The risk to the ecosystem is treating BuilderNet as the answer rather than a stage. The 7-day data is the clearest version of this: top-three builders still account for ~90%+ of blocks; Titan still builds half of all MEV-Boost blocks as a standalone operation; Quasar’s headline market share is partly funded by subsidies; BuilderNet’s number-two slot is genuine but is not by itself evidence of a decentralized block-building market. “Decentralized builder network” and “decentralized block building market” are not the same property, and the second is the harder one.
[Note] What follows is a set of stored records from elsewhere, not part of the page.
(* Let $n\ge 3$, let $\varepsilon$ be an $n\times n$ signature matrix and let $(a_{\mathbf{i}})_{\mathbf{i}\in\mathbb{Z}^n}$ be an $\varepsilon$-$\mathrm{SL}_2$-tiling of $\mathbb{Z}^n$. Then every entry $a_{\mathbf{i}}$ is an odd-indexed Fibonacci number $F_{2m-1}$ ($m\ge1$), and for all $\mathbf{i}\in\mathbb{Z}^n$ and all $k\in\{1,\dots,n\}$ one has $a_{\mathbf{i}+\mathbf{e}_k}^2-a_{\mathbf{i}}a_{\mathbf{i}+2\mathbf{e}_k}=-1=\varepsilon_{kk}$.
   Context: Write $\mathbf{i}=(i_1,\dots,i_n)\in\mathbb{Z}^n$ and $\mathbf{e}_k$ for the $k$-th standard unit vector. Fibonacci numbers are indexed $F_1=1,F_2=1,F_3=2,F_4=3,F_5=5,\dots$ with $F_{m+2}=F_{m+1}+F_m$. A signature matrix is a symmetric $n\times n$ matrix $\varepsilon=(\varepsilon_{k\ell})$ with $\varepsilon_{k\ell}\in\{1,-1\}$ for $k\ne\ell$ and $\varepsilon_{kk}=-1$. Given a signature matrix $\varepsilon$, an array $(a_{\mathbf{i}})_{\mathbf{i}\in\mathbb{Z}^n}$ with all $a_{\mathbf{i}}\in\mathbb{Z}_{>0}$ is an $\varepsilon$-$\mathrm{SL}_2$-tiling of $\mathbb{Z}^n$ if for all $\mathbf{i}\in\mathbb{Z}^n$ and all $k\ne\ell$: $a_{\mathbf{i}+\mathbf{e}_\ell}a_{\mathbf{i}+\mathbf{e}_k}-a_{\mathbf{i}}a_{\mathbf{i}+\mathbf{e}_k+\mathbf{e}_\ell}=\varepsilon_{k\ell}$. *)

From mathcomp Require Import all_boot all_order all_algebra.
Set Implicit Arguments. Unset Strict Implicit. Unset Printing Implicit Defensive.
Import Order.TTheory GRing.Theory Num.Theory.
Local Open Scope ring_scope.

Fixpoint fib (m : nat) : nat :=
  match m with
  | 0 => 0
  | 1 => 1
  | (p.+1 as q).+1 => fib q + fib p
  end%N.

Definition shift (n : nat) (i : 'I_n -> int) (k : 'I_n) : 'I_n -> int :=
  fun j => i j + (j == k)%:R.

Definition is_signature (n : nat) (eps : 'I_n -> 'I_n -> int) : Prop :=
  (forall k l, eps k l = eps l k) /\
  (forall k l, k != l -> eps k l = 1 \/ eps k l = -1) /\
  (forall k, eps k k = -1).

Definition is_SL2_tiling (n : nat) (eps : 'I_n -> 'I_n -> int)
  (a : ('I_n -> int) -> int) : Prop :=
  (forall i, 0 < a i) /\
  (forall i k l, k != l ->
     a (shift i l) * a (shift i k) - a i * a (shift (shift i k) l) = eps k l).

(* Write x = a_i, y = a_(i+e_p), z = a_(i+e_q) for three distinct axes p, q, r.
   Eliminating the far corner of the unit cube from the tiling relations on
   its faces gives (y z - e_pq)(y e_qr - z e_pr) = x^2 (z e_qr - y e_pr), so
   y = z when e_pr = e_qr and y z = x^2 + e_pq otherwise.  If y = z everywhere,
   the tiling relation along the p-axis reads b_(t+1)^2 - b_t b_(t+2) = e_pq,
   and at the minimum of a positive integer sequence this forces e_pq = -1.
   Among any three axes one of these coincidences occurs, which propagates
   the relation with -1 to every axis.  At its minimum, a positive sequence
   with b_t b_(t+2) = b_(t+1)^2 + 1 has two consecutive 1s, and reading away
   from them it is 1, 2, 5, 13, ... = F_1, F_3, F_5, F_7, ... both ways. *)

From mathcomp Require Import all_boot all_order all_algebra.
From mathcomp Require Import zify ring lra.
From Stdlib Require Import Classical FunctionalExtensionality.
Import Order.TTheory GRing.Theory Num.Theory.
Local Open Scope ring_scope.
Set Implicit Arguments. Unset Strict Implicit.

Definition oddfib (j : nat) : int := (fib j.*2.+1)%:Z.

Lemma oddfibSS j : oddfib j.+2 = 3 * oddfib j.+1 - oddfib j.
Proof.
have fibSS m : fib m.+2 = (fib m.+1 + fib m)%N by [].
rewrite /oddfib !doubleS !fibSS; lia.
Qed.

Lemma oddfib_ge1_nondecreasing j : 1 <= oddfib j <= oddfib j.+1.
Proof. by elim: j => [|j IH] //; rewrite oddfibSS; lia. Qed.

Lemma oddfib_neq0 j : oddfib j != 0.
Proof. by have := oddfib_ge1_nondecreasing j; lia. Qed.

Lemma oddfib_cassini j : oddfib j * oddfib j.+2 = oddfib j.+1 ^+ 2 + 1.
Proof.
have invariant k : oddfib k ^+ 2 + oddfib k.+1 ^+ 2 + 1 = 3 * oddfib k * oddfib k.+1.
  by elim: k => [|k IH] //; rewrite oddfibSS; rewrite !expr2 in IH *; lia.
by have := invariant j; rewrite oddfibSS !expr2; lia.
Qed.

Definition cassini (b : int -> int) (e : int) :=
  forall t, b (t + 1) ^+ 2 - b t * b (t + 2) = e.

Lemma cassini_shift b e (s : int) : cassini b e -> cassini (fun t => b (s + t)) e.
Proof. by move=> rel t /=; have := rel (s + t); rewrite -!addrA. Qed.

Lemma cassini_reflect b e (s : int) : cassini b e -> cassini (fun t => b (s - t)) e.
Proof.
move=> rel t /=; have := rel (s - t - 2).
have -> : s - t - 2 + 1 = s - (t + 1) by ring.
have -> : s - t - 2 + 2 = s - t by ring.
have -> : s - (t + 2) = s - t - 2 by ring.
by rewrite [_ * b (s - t)]mulrC.
Qed.

Lemma pos_seq_min (b : int -> int) : (forall t, 0 < b t) ->
  exists t0, forall t, b t0 <= b t.
Proof.
move=> pos.
suff below N : forall t, b t <= N%:Z -> exists t0, forall t, b t0 <= b t.
  by apply: (below (absz (b 0)) 0); rewrite abszE ler_norm.
elim: N => [|N IH] t btN; first by have := pos t; lia.
case: (classic (exists s, b s <= N%:Z)) => [[s bsN]|none]; first exact: IH bsN.
exists t => s; have : ~ b s <= N%:Z by move=> bsN; apply: none; exists s.
lia.
Qed.

Lemma gtz0_mul_eq1 (x y : int) : 0 < x -> x * y = 1 -> x = 1.
Proof.
move=> x_gt0 xy1; have y_gt0 : 0 < y by rewrite -(pmulr_rgt0 _ x_gt0) xy1.
nia.
Qed.

Lemma cassiniN1_oddfib (b : int -> int) : cassini b (-1) -> b (-1) = 1 -> b 0 = 1 ->
  forall j : nat, b j%:Z = oddfib j.
Proof.
move=> rel bN1 b0.
suff pair j : b j%:Z = oddfib j /\ b (j.+1)%:Z = oddfib j.+1 by move=> j; case: (pair j).
elim: j => [|j [bj bj1]].
  split=> //; have := rel (-1); rewrite bN1 /=.
  have -> : -1 + 1 = 0 :> int by [].
  have -> : -1 + 2 = 1 :> int by [].
  rewrite b0 /oddfib /=; lia.
split=> //; apply: (mulfI (oddfib_neq0 j)).
rewrite oddfib_cassini -bj1 -bj; have := rel j.
have -> : j.+2%:Z = j%:Z + 2 by lia.
have -> : j.+1%:Z = j%:Z + 1 by lia.
lra.
Qed.

Section PositiveCassiniSequence.

Variable b : int -> int.
Hypothesis b_gt0 : forall t, 0 < b t.

Lemma pos_seq_not_cassini1 : ~ cassini b 1.
Proof.
move=> rel; have [t0 min] := pos_seq_min b_gt0.
have := rel (t0 - 1); have := min (t0 - 1); have := min (t0 + 1); have := b_gt0 t0.
have -> : t0 - 1 + 2 = t0 + 1 by ring.
rewrite subrK expr2; nia.
Qed.

Lemma pos_seq_cassiniN1_unit_pair : cassini b (-1) -> exists t0, b t0 = 1 /\ b (t0 + 1) = 1.
Proof.
move=> rel; have [t0 min] := pos_seq_min b_gt0.
have := rel (t0 - 1); have := min (t0 - 1); have := min (t0 + 1); have := b_gt0 t0.
have -> : t0 - 1 + 2 = t0 + 1 by ring.
rewrite subrK expr2 => x_gt0 le_y le_w cas.
have [eq_y|eq_w] : b (t0 + 1) = b t0 \/ b (t0 - 1) = b t0 by nia.
- have : b t0 * (b (t0 - 1) - b t0) = 1 by rewrite eq_y in cas; lia.
  move/(gtz0_mul_eq1 x_gt0) => x1.
  by exists t0; rewrite eq_y x1.
- have : b t0 * (b (t0 + 1) - b t0) = 1 by rewrite eq_w in cas; lia.
  move/(gtz0_mul_eq1 x_gt0) => x1.
  by exists (t0 - 1); rewrite subrK eq_w x1.
Qed.

Lemma pos_seq_cassiniN1_oddfib : cassini b (-1) -> forall t, exists j, b t = oddfib j.
Proof.
move=> rel t; have [t0 [bt0 bt1]] := pos_seq_cassiniN1_unit_pair rel.
have [le_t|lt_t] := lerP t t0.
- exists (absz (t0 - t)%R).
  have := @cassiniN1_oddfib (fun s => b (t0 - s)) (cassini_reflect t0 rel).
  rewrite /= subr0 opprK bt1 bt0 => /(_ erefl erefl (absz (t0 - t)%R)).
  by have -> : t0 - (absz (t0 - t)%R)%:Z = t by lia.
- exists (absz (t - (t0 + 1))%R).
  have := @cassiniN1_oddfib (fun s => b (t0 + 1 + s)) (cassini_shift (t0 + 1) rel).
  rewrite /= addr0 addrK bt1 bt0 => /(_ erefl erefl (absz (t - (t0 + 1))%R)).
  by have -> : t0 + 1 + (absz (t - (t0 + 1))%R)%:Z = t by lia.
Qed.

End PositiveCassiniSequence.

(* Five of the six face relations of a unit cube with corner [x]; eliminating
   the opposite corner [T] leaves a relation among [x] and its neighbours
   [y], [z]. *)
Lemma cube_relations_identity (R : comRingType) (x y z w P Q S T e1 e2 e3 : R) :
  z * y - x * P = e1 -> w * y - x * Q = e2 -> w * z - x * S = e3 ->
  Q * P - y * T = e3 -> S * P - z * T = e2 ->
  (y * z - e1) * (y * e3 - z * e2) = x ^+ 2 * (z * e3 - y * e2).
Proof. by move=> <- H2 H3 H4 H5; rewrite -{1}H3 -{1}H2 -H4 -H5; ring. Qed.

Section Translations.

Variable n : nat.
Implicit Types (i : 'I_n -> int) (k l : 'I_n) (s t : int).

Definition shift_by i k t : 'I_n -> int := fun j => i j + (j == k)%:R * t.

Lemma shiftE i k : shift i k = shift_by i k 1.
Proof. by apply: functional_extensionality => j; rewrite /shift /shift_by mulr1. Qed.

Lemma shift_by0 i k : shift_by i k 0 = i.
Proof. by apply: functional_extensionality => j; rewrite /shift_by mulr0 addr0. Qed.

Lemma shift_byD i k s t : shift_by (shift_by i k s) k t = shift_by i k (s + t).
Proof. by apply: functional_extensionality => j; rewrite /shift_by; ring. Qed.

Lemma shift_byC i k l s t : shift_by (shift_by i k s) l t = shift_by (shift_by i l t) k s.
Proof. by apply: functional_extensionality => j; rewrite /shift_by; ring. Qed.

Lemma shiftC i k l : shift (shift i k) l = shift (shift i l) k.
Proof. by rewrite !shiftE shift_byC. Qed.

End Translations.

Definition line n (a : ('I_n -> int) -> int) i k : int -> int :=
  fun t => a (shift_by i k t).

Definition axis_cassini n (a : ('I_n -> int) -> int) (k : 'I_n) (e : int) :=
  forall i, a (shift i k) ^+ 2 - a i * a (shift (shift i k) k) = e.

Lemma axis_cassini_line n (a : ('I_n -> int) -> int) k e i :
  axis_cassini a k e -> cassini (line a i k) e.
Proof.
move=> rel t; have := rel (shift_by i k t).
by rewrite /line !shiftE !shift_byD -addrA.
Qed.

Section Tiling.

Variables (n : nat) (eps : 'I_n -> 'I_n -> int) (a : ('I_n -> int) -> int).
Hypotheses (eps_sign : is_signature eps) (a_tiling : is_SL2_tiling eps a).

Lemma tiling_gt0 i : 0 < a i.
Proof. exact: a_tiling.1. Qed.

Lemma signature_offdiag k l : k != l -> eps k l = 1 \/ eps k l = -1.
Proof. exact: eps_sign.2.1. Qed.

Lemma tiling_no_axis_cassini1 k : ~ axis_cassini a k 1.
Proof.
move=> rel; apply: (@pos_seq_not_cassini1 (line a (fun=> 0) k)).
  by move=> t; apply: tiling_gt0.
exact: axis_cassini_line.
Qed.

Lemma tiling_cube_identity p q r i : p != q -> p != r -> q != r ->
  let x := a i in let y := a (shift i p) in let z := a (shift i q) in
  (y * z - eps p q) * (y * eps q r - z * eps p r) =
    x ^+ 2 * (z * eps q r - y * eps p r).
Proof.
move=> pq pr qr x y z; have rel := a_tiling.2.
have rel_q_pr := rel (shift i q) p r pr; rewrite [shift (shift i q) p]shiftC in rel_q_pr.
exact: cube_relations_identity (rel i p q pq) (rel i p r pr) (rel i q r qr)
  (rel (shift i p) q r qr) rel_q_pr.
Qed.

Lemma tiling_twin_axes p q r : p != q -> p != r -> q != r -> eps p r = eps q r ->
  forall i, a (shift i p) = a (shift i q).
Proof.
move=> pq pr qr e_eq i; have := tiling_cube_identity i pq pr qr; rewrite /= e_eq.
have y_gt0 := tiling_gt0 (shift i p); have z_gt0 := tiling_gt0 (shift i q).
have x_gt0 := tiling_gt0 i.
set x := a i; set y := a (shift i p); set z := a (shift i q); set e := eps q r.
move=> cube.
have e_neq0 : e != 0 by rewrite /e; case: (signature_offdiag qr) => ->.
have cofactor_gt0 : 0 < y * z - eps p q + x ^+ 2.
  by rewrite expr2; case: (signature_offdiag pq) => ->; nia.
have : (y - z) * ((y * z - eps p q + x ^+ 2) * e) = 0.
  transitivity ((y * z - eps p q) * (y * e - z * e) - x ^+ 2 * (z * e - y * e)).
    by ring.
  by rewrite cube subrr.
by move/eqP; rewrite !mulf_eq0 (negPf e_neq0) (gt_eqF cofactor_gt0) !orbF subr_eq0 => /eqP.
Qed.

Lemma tiling_axes_product p q r : p != q -> p != r -> q != r -> eps p r = - eps q r ->
  forall i, a (shift i p) * a (shift i q) = a i ^+ 2 + eps p q.
Proof.
move=> pq pr qr e_opp i; have := tiling_cube_identity i pq pr qr; rewrite /= e_opp.
have y_gt0 := tiling_gt0 (shift i p); have z_gt0 := tiling_gt0 (shift i q).
set x := a i; set y := a (shift i p); set z := a (shift i q); set e := eps q r.
move=> cube.
have e_neq0 : e != 0 by rewrite /e; case: (signature_offdiag qr) => ->.
have : (y + z) * ((y * z - eps p q - x ^+ 2) * e) = 0.
  transitivity ((y * z - eps p q) * (y * e - z * - e) - x ^+ 2 * (z * e - y * - e)).
    by ring.
  by rewrite cube subrr.
move/eqP; rewrite !mulf_eq0 (negPf e_neq0) (gt_eqF (addr_gt0 y_gt0 z_gt0)) !orbF subr_eq0.
by move/eqP <-; ring.
Qed.

Lemma tiling_twin_axis_cassini p q : p != q ->
  (forall i, a (shift i p) = a (shift i q)) -> axis_cassini a p (-1) /\ eps p q = -1.
Proof.
move=> pq twin.
have cas : axis_cassini a p (eps p q).
  by move=> i; rewrite -(a_tiling.2 i p q pq) -(twin i) -(twin (shift i p)) expr2.
case: (signature_offdiag pq) => e; last by rewrite -e.
by rewrite e in cas; have := tiling_no_axis_cassini1 cas.
Qed.

(* Then a_(i+e_k) = a_(i-e_l): the k-axis reads the l-axis backwards. *)
Lemma tiling_axis_cassini_transfer k l : axis_cassini a l (-1) ->
  (forall i, a (shift i k) * a (shift i l) = a i ^+ 2 + 1) -> axis_cassini a k (-1).
Proof.
move=> cas_l prod.
have back i : a (shift i k) = a (shift_by i l (-1)).
  apply: (mulIf (lt0r_neq0 (tiling_gt0 (shift i l)))); rewrite prod.
  have := cas_l (shift_by i l (-1)).
  rewrite !shiftE !shift_byD addNr shift_by0 -shiftE; lia.
move=> j; have -> : a (shift (shift j k) k) = a (shift_by j l (-2)).
  by rewrite back shiftE shift_byC -shiftE back shift_byD.
rewrite back; have := cas_l (shift_by j l (-2)); rewrite !shiftE !shift_byD.
have -> : (-2 + 1 : int) = -1 by [].
have -> : (-1 + 1 : int) = 0 by [].
by rewrite shift_by0 mulrC.
Qed.

Lemma signature_opp_of_neq k l m : k != m -> l != m -> eps k m != eps l m ->
  eps k m = - eps l m.
Proof.
move=> km lm; case: (signature_offdiag km) (signature_offdiag lm) => -> [] ->//.
Qed.

Lemma tiling_axis_cassiniN1 k l m : k != l -> k != m -> l != m -> axis_cassini a k (-1).
Proof.
move=> kl km lm; have [sym _] := eps_sign.
have [e_klm|/(signature_opp_of_neq km lm) e_klm] := eqVneq (eps k m) (eps l m).
  exact: (tiling_twin_axis_cassini kl (tiling_twin_axes kl km lm e_klm)).1.
have ml : m != l by rewrite eq_sym.
have [e_kml|/(signature_opp_of_neq kl ml) e_kml] := eqVneq (eps k l) (eps m l).
  exact: (tiling_twin_axis_cassini km (tiling_twin_axes km kl ml e_kml)).1.
have lk : l != k by rewrite eq_sym.
have e_lmk : eps l k = eps m k by rewrite sym e_kml -(sym k m) e_klm sym.
have mk : m != k by rewrite eq_sym.
have [cas_l e_lm] := tiling_twin_axis_cassini lm (tiling_twin_axes lm lk mk e_lmk).
apply: (tiling_axis_cassini_transfer cas_l) => i.
by rewrite (tiling_axes_product kl km lm e_klm) e_kml sym e_lm opprK.
Qed.

End Tiling.

Lemma exists_two_others n (k : 'I_n) : (3 <= n)%N ->
  exists l m : 'I_n, [/\ k != l, k != m & l != m].
Proof.
move=> n_ge3; have : (1 < #|predC1 k|)%N by rewrite cardC1 card_ord; case: n n_ge3 k.
case/card_gt1P=> l [m [kl km lm]]; exists l, m.
by split; rewrite // eq_sym.
Qed.

Theorem mainTheorem8 (n : nat) (eps : 'I_n -> 'I_n -> int)
  (a : ('I_n -> int) -> int) :
  (3 <= n)%N -> is_signature eps -> is_SL2_tiling eps a ->
  (forall i, exists m : nat, (1 <= m)%N /\ a i = (fib (2 * m - 1))%:Z) /\
  (forall i k, a (shift i k) ^+ 2 - a i * a (shift (shift i k) k) = -1 /\
               eps k k = -1).
Proof.
move=> n_ge3 eps_sign a_tiling.
have cas k : axis_cassini a k (-1).
  have [l [m [kl km lm]]] := exists_two_others k n_ge3.
  exact (tiling_axis_cassiniN1 eps_sign a_tiling kl km lm).
split; last by move=> i k; split; [exact: cas | exact: eps_sign.2.2].
move=> i; pose k : 'I_n := Ordinal (leq_trans (isT : (1 <= 3)%N) n_ge3).
have [j aij] := pos_seq_cassiniN1_oddfib (fun t => tiling_gt0 a_tiling _)
  (axis_cassini_line i (cas k)) 0.
exists j.+1; split=> //; move: aij; rewrite /line shift_by0 /oddfib => ->.
by rewrite -muln2; congr (fib _)%:Z; lia.
Qed.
The endgame Flashbots is openly betting on — the core boilerplate of block building will become a public utility which supports this decentralized network — is a coherent and serious bet. The evidence so far is partially supportive (Beaverbuild migrated in, Rsync stepped out, the refund rule pays orderflow contributors instead of operators) and partially unresolved (no PMM has committed to operating a node, the top-three concentration has moved sideways rather than down, operator economics in Phase 2 are an open question).
The sharper question worth carrying forward, though, is what comes after the building layer commoditizes. If Flashbots’ bet lands and the box that builds the blocks becomes a public utility — TEE-attested, shared, refund-aware, operator-cost-only — the rent surface doesn’t disappear. It moves. The honest candidates for where it moves next are visible in the architecture already: the measurement registry, whose signer decides what counts as “BuilderNet code”; the operator-admission process, whose criteria decide who gets to participate; and the orderflow-origination layer, where PMMs and intent solvers and frontend operators sit between end-users and the shared builder. Each of those is a candidate next rent surface, and each has its own concentration story that the current “three operators in a shared network” framing doesn’t make legible.
That’s the open question worth carrying forward. A measurement-registry signer, an operator-admission committee, and an orderflow-origination layer dominated by a handful of PMMs may or may not be a better power distribution than “two builders that everyone could name.” That’s not rhetorical. It’s a real question, with a real answer, that depends on how those three surfaces are designed and who participates in them. The decentralized-builder-network property is a meaningful first move. The decentralized-block-building-market property is the harder, more important one, and the most interesting work of the next two years is in surfaces the current architecture has barely started to think about.
Imperative coordination through shared TEE building is one architecture. Declarative intent systems are another. Protocol-level changes — FOCIL, encrypted mempools, MEV burn, order-fair consensus — are a third. The interesting question for the next eighteen months is not which one of these wins, because they’re not competing for the same surface. The interesting question is which combination ships, and whether the layering produces a market structure that actually distributes rent and resists concentration, or one where the names of the concentrated entities change while the structure doesn’t.
The work BuilderNet has done is the kind of work the ecosystem needs more of: openly engineered, openly attested, openly critiqued, and shipped. That is worth more than a clean answer.
Source material verified by parallel supervisor audits 2026-05-19.